6. Patokh Chodiev ayant interjeté appel, la Cour d’appel de Liège a rendu son arrêt le 28 janvier 2021, arrêt qui réforme le jugement de Namur.

L’arrêt de la Cour d’appel de Liège admet que l’irresponsabilité d’un parlementaire, telle que garantie par l’article 58 de la Constitution, puisse s’appliquer pour des propos tenus en dehors du Parlement mais liés aux fonctions parlementaires. Ce qui était le cas ici, puisque Georges Gilkinet s’exprimait en lien avec une affaire traitée par une commission d’enquête parlementaire dont il a été le vice-président.

Sur ce point, l’arrêt doit être approuvé. La médiatisation croissante des questions d’intérêt général, grâce notamment aux réseaux sociaux, a pour conséquence que les débats parlementaires ont, en dehors des hémicycles parlementaires, des prolongements qui sont sensiblement plus importants qu’il y a quelques années et qui, a fortiori, étaient insoupçonnés en 1831. Par cet élargissement de la portée de l’irresponsabilité parlementaire, il ne s’agit pas d’induire une confusion entre, d’une part, l’espace parlementaire et, d’autre part, l’espace public ou même l’espace politique, mais plutôt de constater un élargissement et une reconfiguration de l’aire dans laquelle les élus déploient leurs activités.

Plus étonnamment, l’arrêt donne ensuite de cet article 58 une interprétation qui remet en cause son caractère absolu, en décidant que cela ne concerne pas les allégations de fait dirigées contre des personnes.

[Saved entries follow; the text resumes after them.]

Lemma preimage_subcategory : is_subcategory Q -> is_subcategory (preimage F Q).
Proof.
move=> [_ [Qid Qcomp]]; split; first by move=> x y f [Fx [Fy _]].
split; first by move=> x Fx; do 2?split => //=; rewrite fmor_id; apply: Qid.
move=> x y z f g [Fx [_ Ff]] [_ [Fz Fg]]; do 2?split => //=.
by rewrite fmor_comp; apply: Qcomp.
Qed.

Lemma preimage_convex : convex Q -> convex (preimage F Q).
Proof.
move=> Qconv x y z a b Fx Fy [_ [_ Fba]]; rewrite /= fmor_comp in Fba.
by have [Fz [Fa Fb]] := Qconv _ _ _ _ _ Fx Fy Fba.
Qed.

Lemma pullback_interval_module_iso (k : fieldType) : is_subcategory Q ->
  mod_iso (pullback F (interval_module k Q))
          (interval_module k (preimage F Q)).
Proof.
move=> [Qends _]; exists (fun x v => v); split => //; split => [x|x y f v].
  by exists id.
rewrite /= /ind_map; have -> // : `[< smor (preimage F Q) f >] = `[< smor Q (fmor F f) >].
apply/asboolP/asboolP => [[_ [_ Ff]] // | Ff].
by have [Fx Fy] := Qends _ _ _ Ff.
Qed.

End Preimage.

Section Components.
Variables (C : Cat) (S : SubCol C).

Lemma zz_mor x y (f : Hom C x y) : smor S f -> zz S x y.
Proof. by move=> Sf; apply: rst_step; exists f. Qed.

Lemma zz_component a b : zz S a b -> component S a = component S b.
Proof.
move=> ab; rewrite /component (_ : zz S a = zz S b) //.
apply: functional_extensionality_dep => y; apply: propext; split => ay.
- exact: rst_trans (rst_sym _ _ _ _ ab) ay.
- exact: rst_trans ab ay.
Qed.

Lemma zz_in_component x0 a b : zz S a b -> zz S x0 a -> zz (component S x0) a b.
Proof.
elim=> {a b} [a b [f Sf]|a|a b ba IH|a b c ab IH1 _ IH2] x0a.
- by apply: rst_step; exists f.
- exact: rst_refl.
- by apply/rst_sym/IH; apply: rst_trans x0a (rst_sym _ _ _ _ ba).
- by apply: rst_trans (IH1 x0a) (IH2 _); apply: rst_trans x0a ab.
Qed.

Hypothesis S_sub : is_subcategory S.

Lemma component_subcategory x0 : is_subcategory (component S x0).
Proof.
have [Sends [Sid Scomp]] := S_sub; split.
  move=> y z f [Sf x0y]; have [Sy Sz] := Sends _ _ _ Sf.
  by do 2!split => //; apply: rst_trans x0y (zz_mor Sf).
split; first by move=> y [Sy x0y]; split => //; apply: Sid.
by move=> y z w f g [Sf x0y] [Sg _]; split => //; apply: Scomp.
Qed.

Lemma component_connected x0 : sobj S x0 -> connected (component S x0).
Proof.
move=> Sx0; split; first by exists x0; split => //; apply: rst_refl.
move=> y z [_ x0y] [_ x0z]; apply: (zz_in_component _ x0y).
exact: rst_trans (rst_sym _ _ _ _ x0y) x0z.
Qed.

Lemma component_convex x0 : convex S -> convex (component S x0).
Proof.
move=> Sconv x y z a b [Sx x0x] [Sy _] [Sba _].
have [Sz [Sa Sb]] := Sconv _ _ _ _ _ Sx Sy Sba.
by have x0z := rst_trans _ _ _ _ _ x0x (zz_mor Sa); do 2!split.
Qed.

Lemma component_interval x0 :
  convex S -> sobj S x0 -> is_interval (component S x0).
Proof.
move=> Sconv Sx0; split; first exact: component_subcategory.
by split; [apply: component_connected | apply: component_convex].
Qed.

End Components.

Section ComponentSum.
Variables (k : fieldType) (C : Cat) (S : SubCol C).
Hypothesis S_sub : is_subcategory S.

Lemma components_val_inj (P1 P2 : components S) :
  proj1_sig P1 = proj1_sig P2 -> P1 = P2.
Proof.
case: P1 P2 => P1 h1 [P2 h2] /= P12; subst P2.
by congr exist; apply: Prop_irrelevance.
Qed.

Lemma components_sub (P : components S) x : sobj (proj1_sig P) x -> sobj S x.
Proof. by case: P => P [x0 [_ E]] /=; rewrite E => -[]. Qed.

Or, l’article 58 n’autorise aucune exception et protège toutes les opinions liées au mandat parlementaire, en ce compris les propos diffamatoires, calomnieux, injurieux, dès le moment où – on le redit – ils sont tenus à l’occasion de l’exercice de fonctions parlementaires.

En l’occurrence, les propos reprochés à Georges Gilkinet ont tous été tenus lors d’interviews liées directement à l’affaire Kazakhgate. Certes, le caractère absolu de l’irresponsabilité parlementaire est discutable. Sans doute y aurait-il lieu de trouver un meilleur équilibre entre les intérêts que l’article 58 de la Constitution entend sauvegarder (il s’agit, non pas d’offrir un privilège personnel aux parlementaires, mais d’éviter que le fonctionnement d’une assemblée démocratique soit perturbé par des actes judiciaires légers, injustes ou partisans) et d’autres exigences qui méritent tout autant d’être rencontrées, telle la nécessité de protéger notre société contre des discours de haine (ce qui, précisons-le, n’était pas reproché à Georges Gilkinet). Mais cet équilibre, c’est au Constituant de le trouver, et non à des juges qui, tant que l’article 58 n’est pas révisé, doivent respecter son caractère absolu.

7. L’arrêt de la Cour d’appel de Liège démontre qu’il est plus que temps que l’article 58 de la Constitution soit ouvert à révision pour que puisse s’engager une discussion démocratique sur une éventuelle modification de cette disposition.

Pour plus de détails sur l’irresponsabilité parlementaire, nous nous permettons de renvoyer à l’étude suivante : Marie Solbreux et Marc Verdussen, « Le statut pénal des parlementaires », Courrier hebdomadaire du CRISP, 2019, n° 2436-2437, spéc. pp. 8 à 36.